Task requirements: Could you set down exactly the lines of the data below, starting at the one that holds "move=> hs; exists" and ending at the one that holds "case=> [[dd' [Q1", both included, and only those?
*** Begin section ***
(* Let $A$ be a $d\times n$ integer matrix whose columns generate $\mathbb{Z}^d$ and such that $(1,\dots,1)$ lies in the $\mathbb{Q}$-row span of $A$. Then for every $\beta\in\mathbb{C}^d$, $M_A(\beta)$ endowed with its quotient $(F,V)$-bifiltration is nicely bifiltered.
   Context: $D=\mathbb{C}[x_1,\dots,x_n]\langle\partial_1,\dots,\partial_n\rangle$. $I_A\subset\mathbb{C}[\partial]$ is generated by $\partial^u-\partial^v$ with $Au=Av$; $H_A(\beta)=DI_A+\sum_iD(\sum_ja_{ij}x_j\partial_j-\beta_i)$; $M_A(\beta)=D/H_A(\beta)$. $F$-filtration: weights $0$ on $x$, $1$ on $\partial$. $V$-filtration along the origin: weights $-1$ on $x_i$, $1$ on $\partial_i$. $F_{d,k}(D)=F_d(D)\cap V_k(D)$, and $F_{d,k}(M_A(\beta))=(F_{d,k}(D)+H_A(\beta))/H_A(\beta)$. The bifiltration is nice if $(\bigcup_{d'}F_{d',k}(M))\cap(\bigcup_{k'}F_{d,k'}(M))=F_{d,k}(M)$ for all $d,k$. *)

From Stdlib Require Import Reals.
From HB Require Import structures.
From mathcomp Require Import all_boot all_order all_algebra.
Set Implicit Arguments. Unset Strict Implicit. Unset Printing Implicit Defensive.

Definition CC : Type := (R * R)%type.
Definition Cadd (a b : CC) : CC := (Rplus a.1 b.1, Rplus a.2 b.2).
Definition Cmul (a b : CC) : CC :=
  (Rminus (Rmult a.1 b.1) (Rmult a.2 b.2), Rplus (Rmult a.1 b.2) (Rmult a.2 b.1)).
Definition Copp (a : CC) : CC := (Ropp a.1, Ropp a.2).
Definition Cnat (k : nat) : CC := (INR k, INR 0).
Definition C0 : CC := Cnat 0.
Definition C1 : CC := Cnat 1.
Definition Cint (z : int) : CC :=
  match z with Posz k => Cnat k | Negz k => Copp (Cnat k.+1) end.

(* normally ordered monomial x^a d^b, encoded as the pair (a, b) *)
Definition mon (n : nat) := ({ffun 'I_n -> nat} * {ffun 'I_n -> nat})%type.
Definition expr (n : nat) := seq (CC * mon n).
(* an element of D, given by its coefficients in the CC-basis {x^a d^b} *)
Definition Del (n : nat) := mon n -> CC.

Definition ev n (s : expr n) : Del n :=
  fun m => foldr (fun t acc => if t.2 == m then Cadd t.1 acc else acc) C0 s.

Definition Dadd n (P Q : Del n) : Del n := fun m => Cadd (P m) (Q m).

(* Weyl product of monomials:
   x^a d^b . x^c d^e = sum_{k <= b, k <= c} prod_i CC(b_i,k_i) CC(c_i,k_i) k_i!  x^(a+c-k) d^(b+e-k) *)
Definition mmul n (m1 m2 : mon n) : expr n :=
  let a := m1.1 in let b := m1.2 in let c := m2.1 in let e := m2.2 in
  let N := (\sum_(i < n) b i)%N in
  [seq (Cnat (\prod_(i < n) ('C(b i, k i) * 'C(c i, k i) * (k i)`!))%N,
        ([ffun i => a i + c i - k i], [ffun i => b i + e i - k i]))
  | k : {ffun 'I_n -> nat} <- [seq [ffun i => nat_of_ord (kk i)] : {ffun 'I_n -> nat} | kk : {ffun 'I_n -> 'I_N.+1} <- enum {ffun 'I_n -> 'I_N.+1}]
  & [forall i, k i <= minn (b i) (c i)]].

Definition emul n (s t : expr n) : expr n :=
  flatten [seq flatten [seq [seq (Cmul (Cmul t1.1 t2.1) u.1, u.2) | u <- mmul t1.2 t2.2]
                       | t2 <- t] | t1 <- s].

Definition lideal n (G : expr n -> Prop) (P : Del n) : Prop :=
  exists l : seq (expr n * expr n),
    (forall p, List.In p l -> G p.2) /\ P = ev (flatten [seq emul p.1 p.2 | p <- l]).

Definition zerof n : {ffun 'I_n -> nat} := [ffun _ => 0].
Definition unitf n (j : 'I_n) : {ffun 'I_n -> nat} := [ffun i => if i == j then 1 else 0].

(* generators d^u - d^v of I_A, with A u = A v *)
Definition toric_gen d n (A : 'M[int]_(d, n)) (g : expr n) : Prop :=
  exists u v : {ffun 'I_n -> nat},
    (forall i, \sum_(j < n) A i j * (u j)%:Z = \sum_(j < n) A i j * (v j)%:Z)%R /\
    g = [:: (C1, (zerof n, u)); (Copp C1, (zerof n, v))].

(* Euler operator sum_j a_ij x_j d_j - beta_i *)
Definition euler d n (A : 'M[int]_(d, n)) (beta : 'I_d -> CC) (i : 'I_d) : expr n :=
  [seq (Cint (A i j), (unitf j, unitf j)) | j <- enum 'I_n] ++
  [:: (Copp (beta i), (zerof n, zerof n))].

Definition HA d n (A : 'M[int]_(d, n)) (beta : 'I_d -> CC) : Del n -> Prop :=
  lideal (fun g => toric_gen A g \/ exists i, g = euler A beta i).

(* weights: F (0 on x, 1 on d), V (-1 on x, 1 on d) *)
Definition Fw n (m : mon n) : int := ((\sum_(i < n) m.2 i)%N)%:Z.
Definition Vw n (m : mon n) : int :=
  (((\sum_(i < n) m.2 i)%N)%:Z - ((\sum_(i < n) m.1 i)%N)%:Z)%R.

Definition Ffilt n (dd : int) (P : Del n) : Prop :=
  exists s : expr n, all (fun t => (Fw t.2 <= dd)%R) s /\ P = ev s.
Definition Vfilt n (k : int) (P : Del n) : Prop :=
  exists s : expr n, all (fun t => (Vw t.2 <= k)%R) s /\ P = ev s.
Definition FVD n (dd k : int) (P : Del n) : Prop := Ffilt dd P /\ Vfilt k P.

(* F_{d,k}(M_A(beta)) = (F_{d,k}(D) + H_A(beta)) / H_A(beta), represented by its
   preimage F_{d,k}(D) + H_A(beta) in D *)
Definition FVM d n (A : 'M[int]_(d, n)) (beta : 'I_d -> CC) (dd k : int) (P : Del n) : Prop :=
  exists Q R, FVD dd k Q /\ HA A beta R /\ P = Dadd Q R.

Definition nicely_bifiltered d n (A : 'M[int]_(d, n)) (beta : 'I_d -> CC) : Prop :=
  forall (dd k : int) (P : Del n),
    ((exists dd', FVM A beta dd' k P) /\ (exists k', FVM A beta dd k' P)) <-> FVM A beta dd k P.

(* H_A(beta) is homogeneous for the V-grading of D (weight -1 on x, 1 on d):
   the Euler operators have V-weight 0, and a toric generator d^u - d^v is
   homogeneous because A u = A v and (1,...,1) in the row span of A force
   |u| = |v|.  Hence the projection of D onto V-weights <= k preserves
   H_A(beta) and (being a monomial truncation) the F-filtration.  If
   P = Q1 + R1 = Q2 + R2 with Q1 in V_k(D) and Q2 in F_d(D), then
   P = [Q2]_{<=k} + ([R2]_{<=k} + [R1]_{>k}) exhibits P in F_{d,k}(M). *)
From Stdlib Require Import Reals FunctionalExtensionality.

From HB Require Import structures.
From mathcomp Require Import all_boot all_order all_algebra.

Import GRing.Theory Num.Theory.
Set Implicit Arguments. Unset Strict Implicit.

Lemma Cadd0l (x : CC) : Cadd C0 x = x.
Proof. by case: x => a b; rewrite /Cadd /C0 /Cnat /= !Rplus_0_l. Qed.

Lemma Cadd0r (x : CC) : Cadd x C0 = x.
Proof. by case: x => a b; rewrite /Cadd /C0 /Cnat /= !Rplus_0_r. Qed.

Lemma CaddA (x y z : CC) : Cadd x (Cadd y z) = Cadd (Cadd x y) z.
Proof. by rewrite /Cadd /= !Rplus_assoc. Qed.

Lemma ev_cat n (s t : expr n) : ev (s ++ t) = Dadd (ev s) (ev t).
Proof.
apply: functional_extensionality => m; rewrite /Dadd.
elim: s => [|u s IH] /=; first by rewrite Cadd0l.
by rewrite /ev /=; case: (u.2 == m); rewrite // -CaddA -IH.
Qed.

Definition Vpart n (p : pred int) (P : Del n) : Del n :=
  fun m => if p (Vw m) then P m else C0.

Definition Vhomog n (w : int) (s : expr n) : bool := all (fun t => Vw t.2 == w) s.

Lemma ev_filter_Vw n (p : pred int) (s : expr n) :
  ev [seq t <- s | p (Vw t.2)] = Vpart p (ev s).
Proof.
apply: functional_extensionality => m; rewrite /Vpart.
elim: s => [|t s IH] /=; first by case: (p (Vw m)).
case: (eqVneq t.2 m) => [e|ne].
  case pt: (p (Vw t.2)) => /=; last by rewrite IH -e pt.
  by rewrite /ev /= e eqxx -/(ev _ _) IH -e pt.
by case: (p (Vw t.2)); rewrite /ev /= ?(negbTE ne) -/(ev _ _).
Qed.

Lemma sumn_ffun_subn n (b e k : {ffun 'I_n -> nat}) :
  (forall i, k i <= b i + e i)%N ->
  ((\sum_(i < n) [ffun i => b i + e i - k i] i)%N%:Z =
   (\sum_(i < n) b i)%N%:Z + (\sum_(i < n) e i)%N%:Z - (\sum_(i < n) k i)%N%:Z)%R.
Proof.
move=> hk; have hsum : (\sum_(i < n) [ffun i => b i + e i - k i] i + \sum_(i < n) k i
                       = \sum_(i < n) b i + \sum_(i < n) e i)%N.
  by rewrite -!big_split /=; apply: eq_bigr => i _; rewrite ffunE subnK.
by rewrite -PoszD -hsum PoszD addrK.
Qed.

(* Each term x^(a+c-k) d^(b+e-k) loses |k| in both degrees, so the V-weight adds up. *)
Lemma Vhomog_mmul n (m1 m2 : mon n) : Vhomog (Vw m1 + Vw m2)%R (mmul m1 m2).
Proof.
rewrite /Vhomog /mmul all_map all_filter; apply/allP => k _ /=.
apply/implyP => /forallP hk.
have [hb hc] : (forall i, k i <= m1.2 i + m2.2 i)%N /\ (forall i, k i <= m1.1 i + m2.1 i)%N.
  by split=> i; have := hk i; rewrite leq_min => /andP[h1 h2];
     [apply: leq_trans h1 (leq_addr _ _) | apply: leq_trans h2 (leq_addl _ _)].
rewrite /Vw /= !sumn_ffun_subn //; apply/eqP.
by rewrite opprB addrA addrNK opprD addrACA.
Qed.

Lemma emul_cons n (t : CC * mon n) (s g : expr n) :
  emul (t :: s) g = emul [:: t] g ++ emul s g.
Proof. by rewrite /emul /= cats0. Qed.

Lemma Vhomog_emul1 n (t : CC * mon n) (g : expr n) (w : int) :
  Vhomog w g -> Vhomog (Vw t.2 + w)%R (emul [:: t] g).
Proof.
rewrite /emul /= cats0; elim: g => //= t2 g IHg /andP [/eqP e hg].
rewrite [Vhomog _ _]all_cat; apply/andP; split; last exact: IHg.
rewrite all_map; apply: sub_all (Vhomog_mmul t.2 t2.2) => u /= /eqP ->.
by rewrite e.
Qed.

Lemma filter_emul_Vhomog n (p : pred int) (w : int) (s g : expr n) :
  Vhomog w g ->
  [seq u <- emul s g | p (Vw u.2)] = emul [seq t <- s | p (Vw t.2 + w)%R] g.
Proof.
move=> hg; elim: s => [|t s IH] //=.
have ht := Vhomog_emul1 t hg.
rewrite emul_cons filter_cat IH.
case pt: (p (Vw t.2 + w)%R) => /=.
  rewrite [in RHS]emul_cons; congr (_ ++ _).
  by apply/all_filterP; apply: sub_all ht => u /= /eqP ->.
rewrite -[RHS]cat0s; congr (_ ++ _).
elim: (emul [:: t] g) ht => //= u us IHu /andP [/eqP eu hus].
by rewrite eu pt IHu.
Qed.

Definition head_Vw n (g : expr n) : int := if g is t :: _ then Vw t.2 else 0%R.

Lemma Vhomog_head_Vw n (w : int) (g : expr n) : Vhomog w g -> Vhomog (head_Vw g) g.
Proof. by case: g => //= t g /andP [/eqP e h]; rewrite /Vhomog /= eqxx e. Qed.

Section HomogeneousIdeal.
Variables (n : nat) (G : expr n -> Prop).
Hypothesis G_homog : forall g, G g -> Vhomog (head_Vw g) g.

Lemma lideal_Vpart (p : pred int) (R : Del n) : lideal G R -> lideal G (Vpart p R).
Proof.
case=> l [hl ->].
exists [seq ([seq t <- pr.1 | p (Vw t.2 + head_Vw pr.2)%R], pr.2) | pr <- l]; split.
  by move=> pr /List.in_map_iff [x [<- hx]] /=; apply: hl.
rewrite -ev_filter_Vw; congr ev.
elim: l hl => //= pr l IH hl.
rewrite filter_cat (filter_emul_Vhomog _ _ (G_homog (hl pr _))) ?IH //; last by left.
by move=> x hx; apply: hl; right.
Qed.

End HomogeneousIdeal.

Lemma lideal_add n (G : expr n -> Prop) R1 R2 :
  lideal G R1 -> lideal G R2 -> lideal G (Dadd R1 R2).
Proof.
case=> l1 [h1 ->] [l2 [h2 ->]]; exists (l1 ++ l2); split.
  by move=> p hp; case: (List.in_app_or _ _ _ hp) => ?; [apply: h1 | apply: h2].
by rewrite map_cat flatten_cat ev_cat.
Qed.

(* Multiplying A u = A v by the row vector q with q A = (1,...,1) gives |u| = |v|. *)
Lemma toric_exps_sumn_eq d n (A : 'M[int]_(d, n)) (q : 'I_d -> rat)
  (hq : forall j : 'I_n, (\sum_(i < d) q i * (A i j)%:~R)%R = 1%R)
  (u v : {ffun 'I_n -> nat}) :
  (forall i, \sum_(j < n) A i j * (u j)%:Z = \sum_(j < n) A i j * (v j)%:Z)%R ->
  (\sum_(j < n) u j = \sum_(j < n) v j)%N.
Proof.
move=> h.
have sumn_q (w : {ffun 'I_n -> nat}) : ((\sum_(j < n) w j)%N%:R : rat) =
    (\sum_(i < d) q i * (\sum_(j < n) A i j * (w j)%:Z)%R%:~R)%R.
  rewrite natr_sum.
  under eq_bigr => j _ do rewrite -[((w j)%:R : rat)]mul1r -{1}(hq j) mulr_suml.
  rewrite exchange_big /=; apply: eq_bigr => i _.
  rewrite rmorph_sum mulr_sumr; apply: eq_bigr => j _.
  by rewrite /= intrM mulrA pmulrn.
by apply/eqP; rewrite -(eqr_nat rat) !sumn_q; apply/eqP; apply: eq_bigr => i _; rewrite h.
Qed.

Lemma Vw_diag n (a : {ffun 'I_n -> nat}) : Vw (a, a) = 0%R.
Proof. by rewrite /Vw subrr. Qed.

Lemma HA_gen_Vhomog d n (A : 'M[int]_(d, n)) (q : 'I_d -> rat)
  (hq : forall j : 'I_n, (\sum_(i < d) q i * (A i j)%:~R)%R = 1%R)
  (beta : 'I_d -> CC) (g : expr n) :
  toric_gen A g \/ (exists i, g = euler A beta i) -> Vhomog (head_Vw g) g.
Proof.
case=> [[u [v [h ->]]]|[i ->]].
  by rewrite /Vhomog /= eqxx /Vw /= (toric_exps_sumn_eq hq h) eqxx.
apply: (@Vhomog_head_Vw _ 0%R).
rewrite /Vhomog /euler all_cat all_map /= Vw_diag eqxx !andbT.
by apply/allP => j _ /=; rewrite Vw_diag.
Qed.

Definition Vle (k : int) : pred int := fun x => (x <= k)%R.

Lemma Ffilt_Vpart n (dd : int) (p : pred int) (s : expr n) :
  all (fun t => (Fw t.2 <= dd)%R) s -> Ffilt dd (Vpart p (ev s)).
Proof.
move=> hs; exists [seq t <- s | p (Vw t.2)]; rewrite ev_filter_Vw; split=> //.
by rewrite all_filter; apply: sub_all hs => t /= ->; rewrite implybT.
Qed.

Lemma Vfilt_Vpart_Vle n (k : int) (s : expr n) : Vfilt k (Vpart (Vle k) (ev s)).
Proof. by exists [seq t <- s | Vle k (Vw t.2)]; rewrite ev_filter_Vw filter_all. Qed.

Lemma Vpart_Vle_id n (k : int) (Q : Del n) : Vfilt k Q -> Vpart (Vle k) Q = Q.
Proof. by case=> s [hs ->]; rewrite -ev_filter_Vw; congr ev; apply/all_filterP. Qed.

Lemma HA_Vpart d n (A : 'M[int]_(d, n)) (q : 'I_d -> rat)
  (hq : forall j : 'I_n, (\sum_(i < d) q i * (A i j)%:~R)%R = 1%R)
  (beta : 'I_d -> CC) (p : pred int) (R : Del n) :
  HA A beta R -> HA A beta (Vpart p R).
Proof. exact/lideal_Vpart/HA_gen_Vhomog. Qed.

Theorem lemma9 (d n : nat) (A : 'M[int]_(d, n))
  (hgen : forall z : 'I_d -> int, exists c : 'I_n -> int,
            forall i, z i = (\sum_(j < n) A i j * c j)%R)
  (hrow : exists q : 'I_d -> rat, forall j : 'I_n,
            (\sum_(i < d) q i * (A i j)%:~R)%R = 1%R)
  (beta : 'I_d -> CC) :
  nicely_bifiltered A beta.
Proof.
have [q hq] := hrow.
move=> dd k P; split; last by move=> hP; split; [exists dd | exists k].
case=> [[dd' [Q1 [R1 [[_ hQ1] [hR1 eP1]]]]] [k' [Q2 [R2 [[[s2 [hs2 eQ2]] _] [hR2 eP2]]]]]].
exists (Vpart (Vle k) Q2), (Dadd (Vpart (Vle k) R2) (Vpart (predC (Vle k)) R1)).
split; [split|split].
- by rewrite eQ2; apply: Ffilt_Vpart.
- by rewrite eQ2; apply: Vfilt_Vpart_Vle.
- by apply: lideal_add; apply: (HA_Vpart hq).
apply: functional_extensionality => m; rewrite /Dadd /Vpart /=.
case hm: (Vle k (Vw m)) => /=.
  by rewrite Cadd0r eP2.
have hQ1m : Q1 m = C0 by rewrite -(Vpart_Vle_id hQ1) /Vpart hm.
by rewrite eP1 /Dadd hQ1m !Cadd0l.
Qed.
*** End section ***
Written answer:
move=> hs; exists [seq t <- s | p (Vw t.2)]; rewrite ev_filter_Vw; split=> //.
by rewrite all_filter; apply: sub_all hs => t /= ->; rewrite implybT.
Qed.

Lemma Vfilt_Vpart_Vle n (k : int) (s : expr n) : Vfilt k (Vpart (Vle k) (ev s)).
Proof. by exists [seq t <- s | Vle k (Vw t.2)]; rewrite ev_filter_Vw filter_all. Qed.

Lemma Vpart_Vle_id n (k : int) (Q : Del n) : Vfilt k Q -> Vpart (Vle k) Q = Q.
Proof. by case=> s [hs ->]; rewrite -ev_filter_Vw; congr ev; apply/all_filterP. Qed.

Lemma HA_Vpart d n (A : 'M[int]_(d, n)) (q : 'I_d -> rat)
  (hq : forall j : 'I_n, (\sum_(i < d) q i * (A i j)%:~R)%R = 1%R)
  (beta : 'I_d -> CC) (p : pred int) (R : Del n) :
  HA A beta R -> HA A beta (Vpart p R).
Proof. exact/lideal_Vpart/HA_gen_Vhomog. Qed.

Theorem lemma9 (d n : nat) (A : 'M[int]_(d, n))
  (hgen : forall z : 'I_d -> int, exists c : 'I_n -> int,
            forall i, z i = (\sum_(j < n) A i j * c j)%R)
  (hrow : exists q : 'I_d -> rat, forall j : 'I_n,
            (\sum_(i < d) q i * (A i j)%:~R)%R = 1%R)
  (beta : 'I_d -> CC) :
  nicely_bifiltered A beta.
Proof.
have [q hq] := hrow.
move=> dd k P; split; last by move=> hP; split; [exists dd | exists k].
case=> [[dd' [Q1 [R1 [[_ hQ1] [hR1 eP1]]]]] [k' [Q2 [R2 [[[s2 [hs2 eQ2]] _] [hR2 eP2]]]]]].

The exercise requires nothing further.